■ Activity
For the data below, give again exactly the lines from the one containing "the preimages e" through the one containing "with maximal ideal M1", both ends included, and no others.

■ Input
(* Let $R$ be a local ring with regular maximal ideal $M$ and residue field $F=R/M$, and let $R_1=E(M)=\{q\in Q(R): qM\subseteq M\}$. Suppose that $R\subseteq R_1$ is a quadratic extension and $R\neq R_1$. Let $R_2=E(\operatorname{Jac} R_1)$. Then: (1) If $R_1$ is a local ring with $\operatorname{Jac} R_1=M$, then $R_1=R_2$ and $R_1/M$ is a field extension of $F$ of degree $2$. (2) If $R_1$ is a local ring with maximal ideal $M_1\neq M$, then $R_1=R+M_1$ and $R_1/M_1\cong F$. (3) If $R_1$ is not a local ring, then $\operatorname{Jac} R_1=M$, $R_1=R_2$, and $R_1/M$ is isomorphic as an $F$-algebra either to $F\times F$, or to $F\times F\times F$, in which case $F=\mathbb{F}_2$. (4) $(\operatorname{Jac} R_1)^2\subseteq M$.
   Context: All rings are commutative with identity; a local ring is a ring with a unique maximal ideal (not necessarily Noetherian). $Q(R)$ denotes the total ring of quotients of $R$ and $\operatorname{Jac} R$ the Jacobson radical. An ideal is regular if it contains a nonzerodivisor. For a regular fractional ideal $I$ (an $R$-submodule of $Q(R)$ containing a nonzerodivisor with $bI\subseteq R$ for some nonzerodivisor $b\in R$), $E(I)=\{q\in Q(R): qI\subseteq I\}$. An extension of rings $R\subseteq S$ is quadratic if $xy\in xR+yR+R$ for all $x,y\in S$ (equivalently, every $R$-submodule between $R$ and $S$ is a ring). *)

(* Rings are modelled as subsets of a fixed ambient
   commutative ring Q which is the total ring of quotients of R. *)
From HB Require Import structures.
From mathcomp Require Import all_boot all_order all_algebra.
Set Implicit Arguments. Unset Strict Implicit. Unset Printing Implicit Defensive.
Import GRing.Theory.
Local Open Scope ring_scope.

Section Defs.
Variable Q : comUnitRingType.

Definition set_eq (A B : Q -> Prop) := forall x, A x <-> B x.

Definition subring (R : Q -> Prop) :=
  [/\ R 0, R 1, (forall x y, R x -> R y -> R (x - y))
    & (forall x y, R x -> R y -> R (x * y))].

Definition ideal (S I : Q -> Prop) :=
  [/\ (forall x, I x -> S x), I 0, (forall x y, I x -> I y -> I (x + y))
    & (forall r x, S r -> I x -> I (r * x))].

Definition proper_ideal (S I : Q -> Prop) := ideal S I /\ ~ I 1.

Definition maximal_ideal (S I : Q -> Prop) :=
  proper_ideal S I /\
  forall J, proper_ideal S J -> (forall x, I x -> J x) -> forall x, J x -> I x.

Definition local_with (S M : Q -> Prop) :=
  maximal_ideal S M /\ forall N, maximal_ideal S N -> set_eq N M.

Definition local (S : Q -> Prop) := exists M, local_with S M.

Definition Jac (S : Q -> Prop) (x : Q) :=
  S x /\ forall N, maximal_ideal S N -> N x.

Definition nzd (R : Q -> Prop) (x : Q) :=
  R x /\ forall y, R y -> x * y = 0 -> y = 0.

Definition total_quotient_ring (R : Q -> Prop) :=
  [/\ subring R, (forall b, nzd R b -> b \is a GRing.unit)
    & forall q, exists a b, [/\ R a, nzd R b & q = a / b]].

Definition regular (R I : Q -> Prop) := exists x, I x /\ nzd R x.

Definition E (I : Q -> Prop) (q : Q) := forall x, I x -> I (q * x).

Definition quadratic (R S : Q -> Prop) :=
  (forall x, R x -> S x) /\
  forall x y, S x -> S y ->
    exists a b c, [/\ R a, R b, R c & x * y = x * a + y * b + c].

(* S/I (with M*S ⊆ I) is an n-dimensional vector space over F = R/M,
   with basis the images of e 0, ..., e (n-1) *)
Definition residue_basis (R M S I : Q -> Prop) (n : nat) (e : 'I_n -> Q) :=
  [/\ (forall i, S (e i)),
      (forall y, S y -> exists a : 'I_n -> Q,
          (forall i, R (a i)) /\ I (y - \sum_(i < n) a i * e i))
    & (forall a : 'I_n -> Q, (forall i, R (a i)) ->
          I (\sum_(i < n) a i * e i) -> forall i, M (a i))].

Definition residue_dim (R M S I : Q -> Prop) (n : nat) :=
  exists e : 'I_n -> Q, residue_basis R M S I e.

(* S/I is isomorphic, as an F-algebra (F = R/M), to F^n = F x ... x F:
   the preimages e i of the standard unit vectors form an F-basis of S/I
   and are orthogonal idempotents summing to 1 modulo I. *)
Definition residue_split (R M S I : Q -> Prop) (n : nat) :=
  exists e : 'I_n -> Q,
    [/\ residue_basis R M S I e,
        (forall i j, I (e i * e j - (if i == j then e i else 0)))
      & I (\sum_(i < n) e i - 1)].

(* the residue field R/M is F_2 (given 1 ∉ M) *)
Definition residue_F2 (R M : Q -> Prop) := forall r, R r -> M r \/ M (r - 1).

End Defs.

From Pilot Require Import Defs.
From HB Require Import structures.
From mathcomp Require Import all_boot all_order all_algebra ring.
From mathcomp Require classical_sets.
From Stdlib Require Import Classical.
Set Implicit Arguments. Unset Strict Implicit. Unset Printing Implicit Defensive.
Import GRing.Theory.
Local Open Scope ring_scope.

(* Everything is computed modulo M, an ideal of R1 = E(M) contained in every
   maximal ideal of R1.  As R1 is quadratic over R, modulo M every z in R1
   satisfies z^2 = p z + q and every product satisfies y z = a y + b z + c,
   with p, q, a, b, c in R.  For z in a maximal ideal N, q lies in N ∩ R = M;
   for z in Jac R1 this forces z^2, and then y z, into M (4).  If R1 is local
   with maximal ideal M1 <> M, expanding y z with z in M1 \ M gives y = b
   modulo M1 with b in R (2).  If R1 is local with maximal ideal M, then R1/M
   is a field, and for e not in R the relation for y e puts y in R + R e (1).
   If R1 is not local, an element separating two maximal ideals yields a
   nontrivial idempotent modulo M, which forces Jac R1 = M; so R1/M is reduced
   and is spanned by primitive orthogonal idempotents.  There are at most
   three of them, and with three the relation for e1 + r e2 forces
   r (r - 1) = 0 in F, i.e. F = F_2 (3). *)

Section SubringsAndIdeals.
Variable Q : comUnitRingType.
Implicit Types (S I J N : Q -> Prop) (x y r : Q).

Lemma subring0 S : subring S -> S 0. Proof. by case. Qed.
Lemma subring1 S : subring S -> S 1. Proof. by case. Qed.
Lemma subringB S x y : subring S -> S x -> S y -> S (x - y).
Proof. by case=> _ _ + _; apply. Qed.
Lemma subringM S x y : subring S -> S x -> S y -> S (x * y).
Proof. by case=> _ _ _; apply. Qed.
Lemma subringN S x : subring S -> S x -> S (- x).
Proof. by move=> hS Sx; rewrite -sub0r; exact: subringB hS (subring0 hS) Sx. Qed.
Lemma subringD S x y : subring S -> S x -> S y -> S (x + y).
Proof. by move=> hS Sx Sy; rewrite -[y]opprK; exact: subringB hS Sx (subringN hS Sy). Qed.

Lemma ideal_sub S I x : ideal S I -> I x -> S x. Proof. by case=> + _ _ _; apply. Qed.
Lemma ideal0 S I : ideal S I -> I 0. Proof. by case. Qed.
Lemma idealD S I x y : ideal S I -> I x -> I y -> I (x + y).
Proof. by case=> _ _ + _; apply. Qed.
Lemma idealM S I r x : ideal S I -> S r -> I x -> I (r * x).
Proof. by case=> _ _ _; apply. Qed.
Lemma idealM_r S I x r : ideal S I -> I x -> S r -> I (x * r).
Proof. by move=> hI Ix Sr; rewrite mulrC; exact: idealM hI Sr Ix. Qed.
Lemma idealN S I x : subring S -> ideal S I -> I x -> I (- x).
Proof.
by move=> hS hI Ix; rewrite -mulN1r; exact: idealM hI (subringN hS (subring1 hS)) Ix.
Qed.

Lemma subring_E S I : subring S -> ideal S I -> subring (E I).
Proof.
move=> hS hI; split=> [x Ix|x Ix|x y Ex Ey z Iz|x y Ex Ey z Iz].
- by rewrite mul0r; exact: ideal0 hI.
- by rewrite mul1r.
- by rewrite mulrBl; exact: idealD hI (Ex z Iz) (idealN hS hI (Ey z Iz)).
- by rewrite -mulrA; apply/Ex/Ey.
Qed.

■ Response
   the preimages e i of the standard unit vectors form an F-basis of S/I
   and are orthogonal idempotents summing to 1 modulo I. *)
Definition residue_split (R M S I : Q -> Prop) (n : nat) :=
  exists e : 'I_n -> Q,
    [/\ residue_basis R M S I e,
        (forall i j, I (e i * e j - (if i == j then e i else 0)))
      & I (\sum_(i < n) e i - 1)].

(* the residue field R/M is F_2 (given 1 ∉ M) *)
Definition residue_F2 (R M : Q -> Prop) := forall r, R r -> M r \/ M (r - 1).

End Defs.

From Pilot Require Import Defs.
From HB Require Import structures.
From mathcomp Require Import all_boot all_order all_algebra ring.
From mathcomp Require classical_sets.
From Stdlib Require Import Classical.
Set Implicit Arguments. Unset Strict Implicit. Unset Printing Implicit Defensive.
Import GRing.Theory.
Local Open Scope ring_scope.

(* Everything is computed modulo M, an ideal of R1 = E(M) contained in every
   maximal ideal of R1.  As R1 is quadratic over R, modulo M every z in R1
   satisfies z^2 = p z + q and every product satisfies y z = a y + b z + c,
   with p, q, a, b, c in R.  For z in a maximal ideal N, q lies in N ∩ R = M;
   for z in Jac R1 this forces z^2, and then y z, into M (4).  If R1 is local
   with maximal ideal M1 <> M, expanding y z with z in M1 \ M gives y = b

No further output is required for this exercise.